How do you analyze the present situation of genetic databases and biobanks?


Genetic biobanks are an increasingly important resource for studying the connexion between genes and disease. Many common diseases are multifactorial since they result from the interplay between genetic risk factors and environmental factors. Genetic epidemiology studies these gene-environment and gene-gene interactions. A particularly powerful methodology consists of genome-wide association studies, in which genetic data from a large number of individuals are compared to health data from these individuals. The development of molecular population genetics, along with the development of large-scale biobanks, has made these approaches increasingly feasible while raising complex and partly novel ethical questions.

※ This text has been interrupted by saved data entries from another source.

Lemma splice_mem : {in rem M r, forall k, splice M sg k \in rem M r}.
Proof.
move=> k kr'; have kr : k \in r by move: kr'; rewrite (mem_rem_uniq _ r_uniq) !inE => /andP[].
rewrite /splice; case: eqVneq => skM; rewrite (mem_rem_uniq _ r_uniq) !inE.
  by rewrite (sg_neqM_of_preimage kr' skM) sg_mem.
by rewrite skM sg_mem.
Qed.

Lemma splice_inj : {in rem M r &, injective (splice M sg)}.
Proof.
move=> k1 k2; rewrite !(mem_rem_uniq _ r_uniq) !inE => /andP[/eqP k1M k1r] /andP[/eqP k2M k2r].
rewrite /splice; case: eqVneq => s1; case: eqVneq => s2.
- by move=> _; apply: sg_inj => //; rewrite s1 s2.
- by move/sg_inj => /(_ rM k2r) k2E; case: k2M.
- by move/esym/sg_inj => /(_ rM k1r) k1E; case: k1M.
- exact: sg_inj.
Qed.

Lemma splice_fix : sg M = M -> {in rem M r, splice M sg =1 sg}.
Proof.
move=> sMM k kr'; rewrite /splice; case: eqVneq => // skM.
by have := sg_neqM_of_preimage kr' skM; rewrite sMM eqxx.
Qed.

Lemma sg_preimage : {in r, forall y, exists2 k, k \in r & sg k = y}.
Proof.
move=> y yr; suff /mapP[k kr ->] : y \in map sg r by exists k.
have sub_r : {subset map sg r <= r} by move=> _ /mapP[k kr ->]; exact: sg_mem.
have map_uniq : uniq (map sg r) by rewrite map_inj_in_uniq.
have [|_ ->] // := uniq_min_size map_uniq sub_r.
by rewrite size_map.
Qed.

End Splice.

Section MinimalCost.

Variables (p : nat) (s : nat -> nat).
Hypotheses (p_gt1 : 1 < p) (s_gt0 : forall i, 0 < s i).
Hypotheses (s_nondecr : {homo s : i j / i <= j}) (s_jump : forall i, s i < s (i + p)).

Definition cost (r : seq nat) (sg : nat -> nat) := \sum_(k <- r) psum s (p * k - sg k).

Lemma cost_perm_id n r sg :
  perm_eq r (iota 1 n) -> {in r, sg =1 id} -> cost r sg = cost (iota 1 n) id.
Proof.
by move=> r_perm sg_id; rewrite /cost -(perm_big _ r_perm); apply: eq_big_seq => k /sg_id ->.
Qed.

Lemma cost_iotaS n : cost (iota 1 n.+1) id = cost (iota 1 n) id + psum s (p * n.+1 - n.+1).
Proof. by rewrite /cost -{1}[n.+1]addn1 iotaD big_cat big_seq1 add1n. Qed.

Section SpliceCost.

Variables (r : seq nat) (sg : nat -> nat) (M : nat).
Hypotheses (r_uniq : uniq r) (rM : M \in r) (M_max : {in r, forall k, k <= M}).
Hypotheses (sg_mem : {in r, forall k, sg k \in r}) (sg_inj : {in r &, injective sg}).
Hypothesis sg_le : {in r, forall k, sg k <= p * k}.

Lemma splice_le : {in rem M r, forall k, splice M sg k <= p * k}.
Proof.
move=> k; rewrite (mem_rem_uniq _ r_uniq) !inE => /andP[_ kr].
rewrite /splice; case: eqVneq => [skM|_]; last exact: sg_le.
by apply: leq_trans (M_max (sg_mem rM)) _; rewrite -skM sg_le.
Qed.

Given the heterogeneity of research approaches linked to biobanks, one needs to answer a preliminary question: what sort of collection of biological material and/or data “counts” as a genetic biobank? Even if we set aside human material in anthropological and anatomical collections, or samples collected for forensic purposes (all of which raise their own ethical issues), it turns out that all sorts of sampling activities go on in the world of modern biomedicine. Particularly in the course of routine clinical care, many kinds of human material and/or data need to be obtained and stored. Their main use is to inform proper care of patients. Yet additional uses follow straightforwardly from this care-centred objective: Clinical labs need “old” samples for quality control and equipment calibration; pathologists need to go back to previously obtained biopsies for diagnostic verification, to solve a clinical problem that was not on the radar screen at the time of initial analysis, or even to address an issue of medical genetics that arises many decades later in a patient that happens to be a genetic relative of the initial sample “source”. In addition, these collections may be used for teaching students in a wide range of health-related professions. Finally, many such collections become potential genetic biobanks secondarily, since modern methods of molecular genetics allow the extraction of DNA from most human materials. Therefore, many such collections become potentially useful resources for research in a way that could not necessarily be perceived at the time of sampling. An interesting example is the Guthrie test that is performed routinely on newborns since the nineteen sixties. The blot spots (“Guthrie cards”) and associated identifying data are usually kept as part of medical files. The technology of genetic analysis has progressed considerably and allows to re-analyse these samples with new research questions in mind, an ethically troubling prospect since these samples were obviously taken without parental consent for research, and in fact without any form of consent since Guthrie tests are part of government-mandated newborn screening in many jurisdictions. That does not mean that reusing existing genetic samples for research is necessarily unethical, but it needs a major rethinking of the interests and values underpinning consent and privacy in biomedical research.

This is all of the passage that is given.